Project Leads: Sally Corden, Head of Molecular Diagnostic Unit and Zoë Couzens, Principal in Public Health/Sexual Health Programme Lead (Health Protection)
Industry partner: Roche
Public Health Wales NHS Trust
This Bevan Exemplar project enables individuals to get tested for Chlamydia and Gonorrhoea without the need to see a clinician.
GP surgeries and Integrated Sexual Health Services are unable to support the increasing number of individuals seeking sexual health assessment and testing. Many individuals who seek these services are not infected and simply require sexual health education and reassurance.
With the development of non-invasive tests for Chlamydia and Gonorrhoea these patients do not need to see a clinician and could, therefore, access appropriate care without visiting a clinic. This frees up capacity in the specialist services to address the more urgent and complex cases.
The aim of the project was to make Chlamydia and Gonorrhoea tests easily available to more individuals and provide rapid access to Integrated Sexual Health Services for those who require an urgent appointment, without swamping existing clinical services.
This aligns with the prudent model of health by enabling people to self-sample without attendance at a clinic. Individuals use a dry swab technique to self-test and return by standard pre-paid post. This will improve efficiency and empower users to make appropriate choices about their sexual health using tools for self-management.
By removing the need for attendance for the initial test, there is a reduction in overall cost of patient care and an improvement in efficiency. This efficiency is a result of removing asymptomatic individuals from the clinic queue (approximately 30% of patients currently seen in clinic), at a time when 10% of patients are turned away due to lack of clinic capacity and of this 10% turned away, 25% are symptomatic.
The main challenge was ensuring that the swab used to test for penile infection was used effectively. To address the issues of insufficient sampling the team moved to Phase 2 in the clinic where they specified the length of time to swab in the instructions.
The project team also trialed another method based on the fact that the males are usually expected to provide a urine sample. Phase 3 in the clinic was to request that males urinate on the swab.
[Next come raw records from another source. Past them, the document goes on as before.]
Lemma circ_updr w x v : w ∘ (x ⋄ v) = (w ∘ x) ⋄ v.
Proof.
  apply upd_unique.
  - now rewrite <- !circ_subr, upd_subr.
  - now rewrite circCA, <- circ_upd, circA.
Qed.

Lemma upd_restrict x v : x ⋄ v = x ⋄ (x ∘ v).
Proof.
  apply upd_unique.
  - rewrite upd_subl. apply upd_disjoint. now rewrite circ_subl, subxx.
  - now rewrite circA, <- circ_upd.
Qed.

Lemma upd_congr x v v' : x ∘ v = x ∘ v' -> x ⋄ v = x ⋄ v'.
Proof. intros H. now rewrite upd_restrict, H, <- upd_restrict. Qed.

Theorem upd_split t s x : (t ⋄ (s ⊖ x)) ⋄ (x ∘ s) = t ⋄ s.
Proof.
  apply (quasi_identity _ _ x).
  - rewrite !upd_subl, upd_disjoint.
    + apply upd_congr. now rewrite circ_subr, <- circ_subl, sub_idem.
    + now rewrite <- circA, upd_circl, circ_sub_subtrahend, circ0x.
  - rewrite !circ_updr, (upd_disjoint (x ∘ t)).
    + apply upd_congr. now rewrite !circA, (circCA t x), <- (circA x x), circxx.
    + now rewrite circ_subr, circA, sub_circl0.
Qed.
End QuasiIdentity.

Theorem quasi_identity_of_upd_split :
  (forall t s x, (t ⋄ (s ⊖ x)) ⋄ (x ∘ s) = t ⋄ s) ->
  forall s t x, s ⊖ x = t ⊖ x -> x ∘ s = x ∘ t -> s = t.
Proof.
  intros Hsplit s t x Hsub Hcirc.
  assert (Hst := sub_eq0_of_same_parts s t x Hsub Hcirc).
  assert (Hts := sub_eq0_of_same_parts t s x (eq_sym Hsub) (eq_sym Hcirc)).
  assert (Hs : t ⋄ s = s).
  { rewrite <- (proj1 (sub_eq0 _ _) Hst) at 2.
    rewrite circ_upd. symmetry. apply sub_eq0.
    now apply (sub_eq0_trans _ t). }
  now rewrite <- Hs, <- (Hsplit t s x), Hsub, Hcirc, Hsplit, updxx.
Qed.
End Update.
End MinusAlgebra.

Definition env3 {A : Type} (x y w : A) : nat -> A :=
  fun n => match n with 0 => x | 1 => y | _ => w end.

Section Identities.
Context {A : Type} (circ minus upd mul : A -> A -> A).
Local Infix "∘" := circ (at level 40, left associativity).
Local Infix "⊖" := minus (at level 50, left associativity).
Local Infix "⋄" := upd (at level 45, left associativity).
Local Infix "·" := mul (at level 40, left associativity).

Definition update_identities : Prop :=
  (forall x y, x ∘ y = y ⊖ (y ⊖ x)) /\
  (forall x y w, (x ∘ y) ∘ w = x ∘ (y ∘ w)) /\
  (forall x, x ∘ x = x) /\
  (forall x y w, (x ∘ y) ∘ w = (y ∘ x) ∘ w) /\
  (forall x y, x ⊖ x = y ⊖ y) /\
  (forall x y, x ∘ (y ⊖ y) = y ⊖ y) /\
  (forall x y, (y ⊖ y) ∘ x = y ⊖ y) /\
  (forall x y, (x ⊖ y) ∘ x = x ⊖ y) /\
  (forall x y, (x ⊖ y) ∘ y = x ⊖ x) /\
  (forall x y w, (x ⊖ y) ∘ w = (x ∘ w) ⊖ y) /\
  (forall x y, (x ⋄ y) ⊖ x = x ⊖ x) /\
  (forall x y, x ⊖ (x ⋄ y) = x ⊖ x) /\
  (forall x y, ((x ⋄ y) ⊖ y) ∘ x = (x ⋄ y) ⊖ y) /\
  (forall x y, x ∘ y = y ∘ (x ⋄ y)) /\
  (forall x y w, (x ⋄ (y ⊖ w)) ⋄ (w ∘ y) = x ⋄ y).

Definition semigroup_identities : Prop :=
  (forall x y w, (x · y) · w = x · (y · w)) /\
  (forall x y w, x · (y ⊖ w) = (x · y) ⊖ (x · w)).
End Identities.

Section TermIdentities.
Context {Op : Type} (oc om ou omul : Op).
Local Notation x := (Var 0).
Local Notation y := (Var 1).
Local Notation w := (Var 2).
Local Infix "∘" := (App oc) (at level 40, left associativity).
Local Infix "⊖" := (App om) (at level 50, left associativity).
Local Infix "⋄" := (App ou) (at level 45, left associativity).
Local Infix "·" := (App omul) (at level 40, left associativity).

Definition update_axioms : list (term Op * term Op) :=
  [ (x ∘ y, y ⊖ (y ⊖ x));
    ((x ∘ y) ∘ w, x ∘ (y ∘ w));
    (x ∘ x, x);
    ((x ∘ y) ∘ w, (y ∘ x) ∘ w);
    (x ⊖ x, y ⊖ y);
    (x ∘ (y ⊖ y), y ⊖ y);
    ((y ⊖ y) ∘ x, y ⊖ y);
    ((x ⊖ y) ∘ x, x ⊖ y);
    ((x ⊖ y) ∘ y, x ⊖ x);
    ((x ⊖ y) ∘ w, (x ∘ w) ⊖ y);
    ((x ⋄ y) ⊖ x, x ⊖ x);
    (x ⊖ (x ⋄ y), x ⊖ x);
    (((x ⋄ y) ⊖ y) ∘ x, (x ⋄ y) ⊖ y);
    (x ∘ y, y ∘ (x ⋄ y));
    ((x ⋄ (y ⊖ w)) ⋄ (w ∘ y), x ⋄ y) ].

Definition semigroup_axioms : list (term Op * term Op) :=
  [ ((x · y) · w, x · (y · w));
    (x · (y ⊖ w), (x · y) ⊖ (x · w)) ].
End TermIdentities.

Section Interpretation.
Context {Op A : Type} (I : Op -> A -> A -> A) (oc om ou omul : Op).

Lemma Forall_satisfies_update_axioms :
  Forall (satisfies I) (update_axioms oc om ou) <-> update_identities (I oc) (I om) (I ou).
Proof.
  unfold update_axioms. rewrite !Forall_cons_iff, Forall_nil_iff.
  split.
  - intros (e1 & e2 & e3 & e4 & e5 & e6 & e7 & e8 & e9 & e10 & e11 & e12 & e13 & e14 & e15 & _).
    repeat split.
    + exact (fun x y => e1 (env3 x y x)).
    + exact (fun x y w => e2 (env3 x y w)).
    + exact (fun x => e3 (env3 x x x)).
    + exact (fun x y w => e4 (env3 x y w)).
    + exact (fun x y => e5 (env3 x y x)).
    + exact (fun x y => e6 (env3 x y x)).
    + exact (fun x y => e7 (env3 x y x)).
    + exact (fun x y => e8 (env3 x y x)).
    + exact (fun x y => e9 (env3 x y x)).
    + exact (fun x y w => e10 (env3 x y w)).
    + exact (fun x y => e11 (env3 x y x)).
    + exact (fun x y => e12 (env3 x y x)).
    + exact (fun x y => e13 (env3 x y x)).
    + exact (fun x y => e14 (env3 x y x)).
    + exact (fun x y w => e15 (env3 x y w)).
  - intros H. repeat split; intro v; cbn; apply H.
Qed.

Lemma Forall_satisfies_semigroup_axioms :
  Forall (satisfies I) (semigroup_axioms om omul) <-> semigroup_identities (I om) (I omul).
Proof.
  unfold semigroup_axioms. rewrite !Forall_cons_iff, Forall_nil_iff.
  split.
  - intros (e1 & e2 & _).
    split; [exact (fun x y w => e1 (env3 x y w)) | exact (fun x y w => e2 (env3 x y w))].
  - intros H. repeat split; intro v; cbn; apply H.
Qed.
End Interpretation.

Lemma minus_algebra_with_update_iff (A : Type) (circ minus upd : A -> A -> A) :
  inhabited A ->
  minus_algebra_with_update A circ minus upd <-> update_identities circ minus upd.
Proof.
  intros [a]. split.
  - intros (zero & (circE & circA & circxx & circ_rnormal & subxx & circ0 & circ_sub_self
                    & circ_sub_subtrahend & circ_subl & quasi_identity)
            & upd_sub & circ_upd_sub & circ_upd).
    assert (circ0x : forall x, circ zero x = zero) by (intro x; apply circ0).
    assert (circx0 : forall x, circ x zero = zero) by (intro x; apply circ0).
    assert (upd_sub0 : forall x y, minus (upd x y) x = zero) by (intros x y; apply upd_sub).
    assert (sub_upd0 : forall x y, minus x (upd x y) = zero) by (intros x y; apply upd_sub).
    assert (Hsplit := upd_split A circ minus zero circE circA circxx circ_rnormal subxx circ0x
                        circ_sub_self circ_sub_subtrahend circ_subl upd upd_sub0 sub_upd0
                        circ_upd_sub circ_upd quasi_identity).
    repeat split; intros; rewrite ?subxx; auto.
  - intros (circE & circA & circxx & circ_rnormal & subxx & circx0 & circ0x & circ_sub_self
            & circ_sub_subtrahend & circ_subl & upd_sub0 & sub_upd0 & circ_upd_sub & circ_upd
            & Hsplit).
    set (zero := minus a a).
    assert (subxx' : forall x, minus x x = zero) by (intro x; apply subxx).
    assert (circx0' : forall x, circ x zero = zero) by (intro x; apply circx0).
    assert (circ0x' : forall x, circ zero x = zero) by (intro x; apply circ0x).
    assert (circ_sub_subtrahend' : forall x y, circ (minus x y) y = zero)
      by (intros x y; rewrite circ_sub_subtrahend; apply subxx).
    assert (upd_sub0' : forall x y, minus (upd x y) x = zero)
      by (intros x y; rewrite upd_sub0; apply subxx).
    assert (sub_upd0' : forall x y, minus x (upd x y) = zero)
      by (intros x y; rewrite sub_upd0; apply subxx).
    assert (quasi_identity := quasi_identity_of_upd_split A circ minus zero circE circA circxx
                                circ_rnormal subxx' circ0x' circ_sub_self circ_sub_subtrahend'
                                circ_subl upd upd_sub0' circ_upd Hsplit).
    exists zero. repeat split; intros; eauto.
Qed.

Theorem proposition5p7 :
  finitely_based_variety opU MAU_class /\ finitely_based_variety opS MSU_class.
Proof.
  split.
  - exists (update_axioms UCirc UMinus UUpd). intros A I HA.
    rewrite <- Forall_forall, Forall_satisfies_update_axioms.
    exact (minus_algebra_with_update_iff A _ _ _ HA).
  - exists (update_axioms SCirc SMinus SUpd ++ semigroup_axioms SMinus SMul). intros A I HA.
    rewrite <- Forall_forall, Forall_app, Forall_satisfies_update_axioms,
      Forall_satisfies_semigroup_axioms, <- (minus_algebra_with_update_iff A _ _ _ HA).
    reflexivity.
Qed.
The benefits of the project include:
Better access to information, risk assessment and sexual health promotion, including those at high risk of sexual ill health and those who find it difficult to access existing services. This places the user at the heart of care with tools for self-management.
Making the system more efficient by redirecting less complex cases to community testing, which in turn releases capacity in existing specialist services. This allows for more complex case management whilst maintaining direct referral to specialist services for those identified in the community with more complex needs.
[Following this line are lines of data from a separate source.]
(* For all $n\ge1$ and each $\mathsf{stat}\in\{\mathsf{nest},\mathsf{inv}\}$, with $D_n^{(\mathsf{stat},\mathsf{exc})}(q,t)=\sum_{\sigma\in\mathfrak{D}_n}q^{\mathsf{stat}\,\sigma}t^{\mathsf{exc}\,\sigma}$, $$D_{n}^{(\mathsf{stat}, \mathsf{exc})}(q, t)=\left(\frac{1+xt}{1+x}\right)^{n}P^{(\mathsf{stat}, \mathsf{cpk},\mathsf{exc})}\left(\mathfrak{D}_n; q, \frac{(1+x)^{2}t}{(x+t)(1+xt)},\frac{x+t}{1+xt}\right),$$ equivalently, $$P^{(\mathsf{stat}, \mathsf{cpk},\mathsf{exc})}(\mathfrak{D}_n; q, x,t)=\left(\frac{1+u}{1+uv}\right)^{n}D_{n}^{(\mathsf{stat}, \mathsf{exc})}(q, v),$$ where $u=\frac{1+t^{2}-2xt-(1-t)\sqrt{(1+t)^{2}-4xt}}{2(1-x)t}$ and $v=\frac{(1+t)^{2}-2xt-(1+t)\sqrt{(1+t)^{2}-4xt}}{2xt}$.
   Context: $\mathfrak{D}_n$ is the set of derangements of $[n]$. $P^{(\mathsf{stat}_1,\ldots,\mathsf{stat}_m)}(\Omega;t_1,\ldots,t_m)=\sum_{\sigma\in\Omega}\prod_jt_j^{\mathsf{stat}_j\sigma}$. $\mathsf{exc}\,\sigma=\#\{i:\sigma(i)>i\}$, $\mathsf{cpk}\,\sigma=\#\{x:\sigma^{-1}(x)<x>\sigma(x)\}$, $\mathsf{inv}$ the inversion number, $\mathsf{nest}\,\sigma=\sum_{i}\#\{j:j<i<\sigma(i)<\sigma(j)\text{ or }\sigma(j)<\sigma(i)\le i<j\}$. *)

From mathcomp Require Import all_boot all_order all_algebra all_fingroup.
Set Implicit Arguments. Unset Strict Implicit. Unset Printing Implicit Defensive.
Import GRing.Theory Num.Theory.

(* Permutations of [n] are modelled as 'S_n acting on 'I_n = {0,..,n-1};
   all statistics below only compare values and positions, so the shift
   [n] = {1..n} <-> {0..n-1} is harmless. *)

Definition derangement n (s : 'S_n) : bool := [forall i, s i != i].

Definition exc n (s : 'S_n) : nat := #|[set i : 'I_n | i < s i]|.
Let ker_lift_step : 'ker lift_step_psi = lift_step_lam @* 'ker alpha.
Proof.
rewrite ker_factm; apply/eqP; rewrite eqEsubset; apply/andP; split; last first.
  apply/subsetP=> _ /morphimP[d _ dK ->]; have dA := dom_ker dK.
  rewrite /= /lift_step_lam mem_morphim ?(subsetP nNP) ?pa1 //.
  by apply/kerP; rewrite ?pa1 //= /lift_step_map /= (mker dK) (elE 0) mulg1.
apply/subsetP=> _ /morphimP[[a w] _ qK ->].
have /setXP[/= aA /cycleP[j wj]] := dom_ker qK.
have := mker qK; rewrite /= /lift_step_map /= wj elE => avj.
have /dvdnP[i ji] : k %| j.
  apply: dvd_k; rewrite (_ : v ^+ j = (alpha a)^-1) ?groupV ?mem_morphim //.
  by apply/eqP; rewrite eq_sym eq_invg_mul avj.
set d := a * a0 ^+ i.
have dK : d \in 'ker alpha.
  by apply/kerP; rewrite ?groupM ?groupX // morphM ?groupX // morphX // alpha_a0
    -expgM mulnC -ji.
have gi : g ^+ i \in N by rewrite mem_cycle.
have -> : (a, z ^+ j) = (d, 1) * g ^+ i.
  rewrite expg_pair /d; congr (_, _); first by rewrite /= expgVn mulgK.
  by rewrite /= mul1g -expgM ji mulnC.
by rewrite coset_kerr // (mem_morphim lift_step_lam_morphism (dom_ker dK) dK).
Qed.

Lemma abelian_lift_step :
  exists (bT : finGroupType) (B : {group bT}) (lam : {morphism A >-> bT})
         (psi : {morphism B >-> vT}),
  [/\ abelian_lift alpha lam psi, psi @* B \subset V
    & #|alpha @* A| < #|psi @* B|].
Proof.
exists _, (P / N)%G, lift_step_lam_morphism, [morphism of lift_step_psi].
have sAB : lift_step_lam @* A \subset P / N.
  apply/subsetP=> _ /morphimP[a _ aA ->].
  by rewrite /= /lift_step_lam mem_quotient ?pa1.
rewrite morphim_factm; split; first by split; rewrite ?morphim_abelian.
- apply/subsetP=> _ /morphimP[[a w] _ /setXP[/= aA wZ] ->].
  by rewrite /= /lift_step_map groupM ?alphaV ?elV.
- apply: proper_card; rewrite properEneq; apply/andP; split.
    apply: contraNneq vNA => ->; apply/morphimP.
    exists (1, z); rewrite ?inE ?group1 ?cycle_id //.
    by rewrite /= /lift_step_map /= morph1 mul1g (elE 1).
  apply/subsetP=> _ /morphimP[a _ aA ->]; apply/morphimP.
  exists (a, 1); rewrite ?pa1 //.
  by rewrite /= /lift_step_map /= (elE 0) mulg1.
Qed.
Increasing access to sexual health services has been shown to improve sexual health by reducing the impact of untreated sexually transmitted infection (STI) in Wales. It is hoped that this will lead to a reduction in transmission of STIs as a result of earlier treatment
Reduced production and disposal of hazardous waste. It is hoped that by developing a testing service that allows samples to be posted safely, transport costs will be reduced and there will be a beneficial impact on the environment.
The next steps are to use the sampling approach as part of a pilot providing Chlamydia and Gonorrhoea testing through online access. 1,000 tests will be provided to residents of the Hywel Dda University Health Board area.
The evaluation of the tests will continue and will inform the development of an All Wales community testing service for diagnosis of sexually transmitted infections.